In the entries below, find the line with "Lemma Aq_is_monoid_morphism : monoid_morphism" and print exactly every line from there up to and including the line with "HB.instance Definition _ := GRing.isZmodMorphism.Build", with no other lines.
####
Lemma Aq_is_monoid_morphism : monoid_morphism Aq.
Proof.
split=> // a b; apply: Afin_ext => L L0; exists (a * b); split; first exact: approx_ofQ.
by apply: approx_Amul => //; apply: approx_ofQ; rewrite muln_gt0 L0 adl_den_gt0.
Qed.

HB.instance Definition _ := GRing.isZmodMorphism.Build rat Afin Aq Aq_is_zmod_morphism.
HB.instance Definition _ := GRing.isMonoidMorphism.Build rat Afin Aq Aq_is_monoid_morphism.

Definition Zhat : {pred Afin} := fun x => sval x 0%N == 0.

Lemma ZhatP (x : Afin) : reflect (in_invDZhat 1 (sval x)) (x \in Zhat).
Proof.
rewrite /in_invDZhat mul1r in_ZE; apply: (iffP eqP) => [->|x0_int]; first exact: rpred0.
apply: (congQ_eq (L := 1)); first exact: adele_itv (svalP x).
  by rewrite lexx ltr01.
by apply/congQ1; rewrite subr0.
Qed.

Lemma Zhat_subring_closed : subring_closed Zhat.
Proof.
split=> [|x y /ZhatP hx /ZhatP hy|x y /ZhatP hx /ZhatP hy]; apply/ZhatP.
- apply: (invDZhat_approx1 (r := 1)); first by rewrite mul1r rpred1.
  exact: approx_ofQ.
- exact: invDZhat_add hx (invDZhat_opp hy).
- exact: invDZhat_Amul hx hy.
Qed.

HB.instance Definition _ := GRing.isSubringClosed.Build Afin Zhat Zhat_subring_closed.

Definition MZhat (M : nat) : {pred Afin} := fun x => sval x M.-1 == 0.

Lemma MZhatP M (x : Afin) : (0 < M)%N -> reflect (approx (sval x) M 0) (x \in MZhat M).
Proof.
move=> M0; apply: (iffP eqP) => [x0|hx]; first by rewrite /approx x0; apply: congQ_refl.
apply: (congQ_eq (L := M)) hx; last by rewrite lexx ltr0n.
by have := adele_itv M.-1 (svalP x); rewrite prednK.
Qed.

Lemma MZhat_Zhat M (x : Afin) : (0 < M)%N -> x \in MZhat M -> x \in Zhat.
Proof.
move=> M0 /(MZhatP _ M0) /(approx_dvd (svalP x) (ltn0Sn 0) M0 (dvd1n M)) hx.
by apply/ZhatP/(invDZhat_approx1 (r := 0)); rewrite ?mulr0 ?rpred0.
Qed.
####
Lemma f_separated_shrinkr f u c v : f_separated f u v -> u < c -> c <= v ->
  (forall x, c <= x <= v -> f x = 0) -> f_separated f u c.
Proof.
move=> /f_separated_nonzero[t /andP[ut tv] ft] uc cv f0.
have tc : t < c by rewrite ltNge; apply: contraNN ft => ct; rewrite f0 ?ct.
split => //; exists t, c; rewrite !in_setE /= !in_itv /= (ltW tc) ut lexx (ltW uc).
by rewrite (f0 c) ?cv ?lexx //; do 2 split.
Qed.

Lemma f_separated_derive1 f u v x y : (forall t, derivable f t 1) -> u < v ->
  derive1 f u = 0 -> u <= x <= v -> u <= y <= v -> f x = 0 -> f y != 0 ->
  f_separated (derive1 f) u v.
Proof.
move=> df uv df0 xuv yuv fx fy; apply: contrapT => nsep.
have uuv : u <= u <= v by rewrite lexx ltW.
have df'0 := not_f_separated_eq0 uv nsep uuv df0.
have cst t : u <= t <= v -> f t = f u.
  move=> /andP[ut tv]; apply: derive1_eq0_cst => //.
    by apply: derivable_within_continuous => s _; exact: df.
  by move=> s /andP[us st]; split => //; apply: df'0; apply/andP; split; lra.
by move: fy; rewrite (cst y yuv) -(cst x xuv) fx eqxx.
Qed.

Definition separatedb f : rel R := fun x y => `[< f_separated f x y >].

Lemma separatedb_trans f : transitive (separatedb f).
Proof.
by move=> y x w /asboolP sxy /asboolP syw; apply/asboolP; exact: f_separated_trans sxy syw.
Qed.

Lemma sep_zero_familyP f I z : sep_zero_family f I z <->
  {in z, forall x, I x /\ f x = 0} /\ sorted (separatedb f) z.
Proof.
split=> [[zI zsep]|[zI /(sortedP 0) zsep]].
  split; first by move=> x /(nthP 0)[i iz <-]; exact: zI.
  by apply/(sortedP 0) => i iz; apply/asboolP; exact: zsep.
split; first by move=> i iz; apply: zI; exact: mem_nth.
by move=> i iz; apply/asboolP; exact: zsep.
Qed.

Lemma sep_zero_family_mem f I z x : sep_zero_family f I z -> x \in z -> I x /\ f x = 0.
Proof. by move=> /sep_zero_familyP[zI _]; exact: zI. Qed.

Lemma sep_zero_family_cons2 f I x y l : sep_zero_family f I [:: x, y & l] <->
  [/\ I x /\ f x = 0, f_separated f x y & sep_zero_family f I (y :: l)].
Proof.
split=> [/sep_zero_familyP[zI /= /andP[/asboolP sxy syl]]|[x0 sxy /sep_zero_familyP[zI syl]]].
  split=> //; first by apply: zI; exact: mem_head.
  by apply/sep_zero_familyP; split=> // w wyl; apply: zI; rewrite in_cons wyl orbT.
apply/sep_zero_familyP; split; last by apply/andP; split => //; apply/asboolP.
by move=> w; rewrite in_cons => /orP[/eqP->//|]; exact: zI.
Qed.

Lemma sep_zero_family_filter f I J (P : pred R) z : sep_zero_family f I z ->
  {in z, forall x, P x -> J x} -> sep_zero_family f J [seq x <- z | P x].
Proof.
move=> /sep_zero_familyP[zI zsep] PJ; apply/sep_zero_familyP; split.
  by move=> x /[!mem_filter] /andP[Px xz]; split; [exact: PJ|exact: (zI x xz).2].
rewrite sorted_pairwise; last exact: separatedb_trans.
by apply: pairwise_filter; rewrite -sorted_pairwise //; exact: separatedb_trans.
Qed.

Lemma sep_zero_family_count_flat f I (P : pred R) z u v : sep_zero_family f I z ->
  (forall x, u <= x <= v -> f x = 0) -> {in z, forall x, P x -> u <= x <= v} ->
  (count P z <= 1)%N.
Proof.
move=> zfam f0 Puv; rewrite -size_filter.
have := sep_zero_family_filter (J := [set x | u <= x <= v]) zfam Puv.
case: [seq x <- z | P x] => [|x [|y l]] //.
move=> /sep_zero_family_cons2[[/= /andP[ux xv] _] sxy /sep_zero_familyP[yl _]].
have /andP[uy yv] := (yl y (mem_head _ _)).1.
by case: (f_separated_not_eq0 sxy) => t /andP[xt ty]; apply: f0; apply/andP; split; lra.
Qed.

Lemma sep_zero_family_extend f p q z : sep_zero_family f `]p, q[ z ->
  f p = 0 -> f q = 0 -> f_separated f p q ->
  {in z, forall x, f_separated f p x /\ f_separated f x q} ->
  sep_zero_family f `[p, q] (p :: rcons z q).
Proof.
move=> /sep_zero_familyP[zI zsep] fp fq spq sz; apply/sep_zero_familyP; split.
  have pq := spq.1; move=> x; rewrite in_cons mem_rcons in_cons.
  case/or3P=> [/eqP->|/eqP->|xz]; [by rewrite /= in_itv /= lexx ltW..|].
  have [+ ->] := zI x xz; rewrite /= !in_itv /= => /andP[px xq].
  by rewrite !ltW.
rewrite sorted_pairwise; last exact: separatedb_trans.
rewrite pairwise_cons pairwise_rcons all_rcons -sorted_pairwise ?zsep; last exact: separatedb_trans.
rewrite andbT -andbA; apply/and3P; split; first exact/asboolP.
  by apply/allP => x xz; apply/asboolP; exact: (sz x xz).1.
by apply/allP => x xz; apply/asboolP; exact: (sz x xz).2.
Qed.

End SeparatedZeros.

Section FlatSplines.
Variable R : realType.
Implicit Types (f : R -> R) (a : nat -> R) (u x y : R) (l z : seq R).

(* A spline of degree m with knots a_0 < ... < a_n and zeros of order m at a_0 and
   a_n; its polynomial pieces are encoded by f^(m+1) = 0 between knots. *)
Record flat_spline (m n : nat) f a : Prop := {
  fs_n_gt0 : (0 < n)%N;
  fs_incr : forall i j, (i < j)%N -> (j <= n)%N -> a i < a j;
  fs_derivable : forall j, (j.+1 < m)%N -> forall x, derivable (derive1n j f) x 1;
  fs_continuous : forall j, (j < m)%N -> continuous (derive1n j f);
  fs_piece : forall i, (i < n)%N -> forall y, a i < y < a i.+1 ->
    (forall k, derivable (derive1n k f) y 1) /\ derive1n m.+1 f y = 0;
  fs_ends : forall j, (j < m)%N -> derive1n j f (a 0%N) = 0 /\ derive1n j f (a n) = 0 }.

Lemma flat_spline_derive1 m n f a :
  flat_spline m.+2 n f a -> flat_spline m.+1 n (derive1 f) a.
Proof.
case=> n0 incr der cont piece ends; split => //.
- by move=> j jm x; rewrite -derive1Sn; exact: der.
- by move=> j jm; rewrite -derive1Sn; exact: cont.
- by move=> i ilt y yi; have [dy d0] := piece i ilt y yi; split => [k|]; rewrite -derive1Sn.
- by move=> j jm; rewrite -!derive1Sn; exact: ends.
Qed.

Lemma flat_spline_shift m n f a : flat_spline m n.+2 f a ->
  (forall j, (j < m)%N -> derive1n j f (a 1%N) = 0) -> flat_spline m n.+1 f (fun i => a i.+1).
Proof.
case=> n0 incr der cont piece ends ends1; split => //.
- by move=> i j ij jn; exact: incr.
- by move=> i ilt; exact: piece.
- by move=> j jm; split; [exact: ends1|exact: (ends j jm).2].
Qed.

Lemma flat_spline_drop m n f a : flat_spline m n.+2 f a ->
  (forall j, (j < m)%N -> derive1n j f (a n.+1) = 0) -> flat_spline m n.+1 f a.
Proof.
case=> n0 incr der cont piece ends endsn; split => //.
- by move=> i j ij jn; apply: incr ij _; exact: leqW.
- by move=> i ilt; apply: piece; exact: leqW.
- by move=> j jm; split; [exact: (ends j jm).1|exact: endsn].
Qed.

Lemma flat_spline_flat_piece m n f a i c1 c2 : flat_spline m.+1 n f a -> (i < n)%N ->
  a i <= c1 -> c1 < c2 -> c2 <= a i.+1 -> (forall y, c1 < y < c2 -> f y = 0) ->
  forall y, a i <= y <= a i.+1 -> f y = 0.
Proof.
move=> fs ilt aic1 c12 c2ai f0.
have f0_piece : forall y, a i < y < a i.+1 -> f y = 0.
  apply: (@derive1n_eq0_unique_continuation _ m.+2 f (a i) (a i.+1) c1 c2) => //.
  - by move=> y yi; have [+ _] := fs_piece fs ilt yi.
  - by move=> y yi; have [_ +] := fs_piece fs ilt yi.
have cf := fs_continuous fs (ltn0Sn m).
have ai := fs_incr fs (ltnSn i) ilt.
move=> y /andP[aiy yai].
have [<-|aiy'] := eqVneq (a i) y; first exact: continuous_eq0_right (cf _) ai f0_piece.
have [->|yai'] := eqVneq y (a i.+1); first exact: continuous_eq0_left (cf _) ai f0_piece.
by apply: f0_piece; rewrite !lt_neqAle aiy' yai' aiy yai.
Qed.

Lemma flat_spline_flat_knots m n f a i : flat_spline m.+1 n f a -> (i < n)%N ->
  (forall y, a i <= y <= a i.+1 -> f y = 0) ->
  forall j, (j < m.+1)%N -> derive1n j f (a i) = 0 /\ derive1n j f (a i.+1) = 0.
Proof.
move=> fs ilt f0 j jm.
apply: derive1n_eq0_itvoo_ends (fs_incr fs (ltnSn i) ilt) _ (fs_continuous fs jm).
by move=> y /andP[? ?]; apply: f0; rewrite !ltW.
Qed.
####
### Result of this task
Lemma Aq_is_monoid_morphism : monoid_morphism Aq.
Proof.
split=> // a b; apply: Afin_ext => L L0; exists (a * b); split; first exact: approx_ofQ.
by apply: approx_Amul => //; apply: approx_ofQ; rewrite muln_gt0 L0 adl_den_gt0.
Qed.

HB.instance Definition _ := GRing.isZmodMorphism.Build rat Afin Aq Aq_is_zmod_morphism.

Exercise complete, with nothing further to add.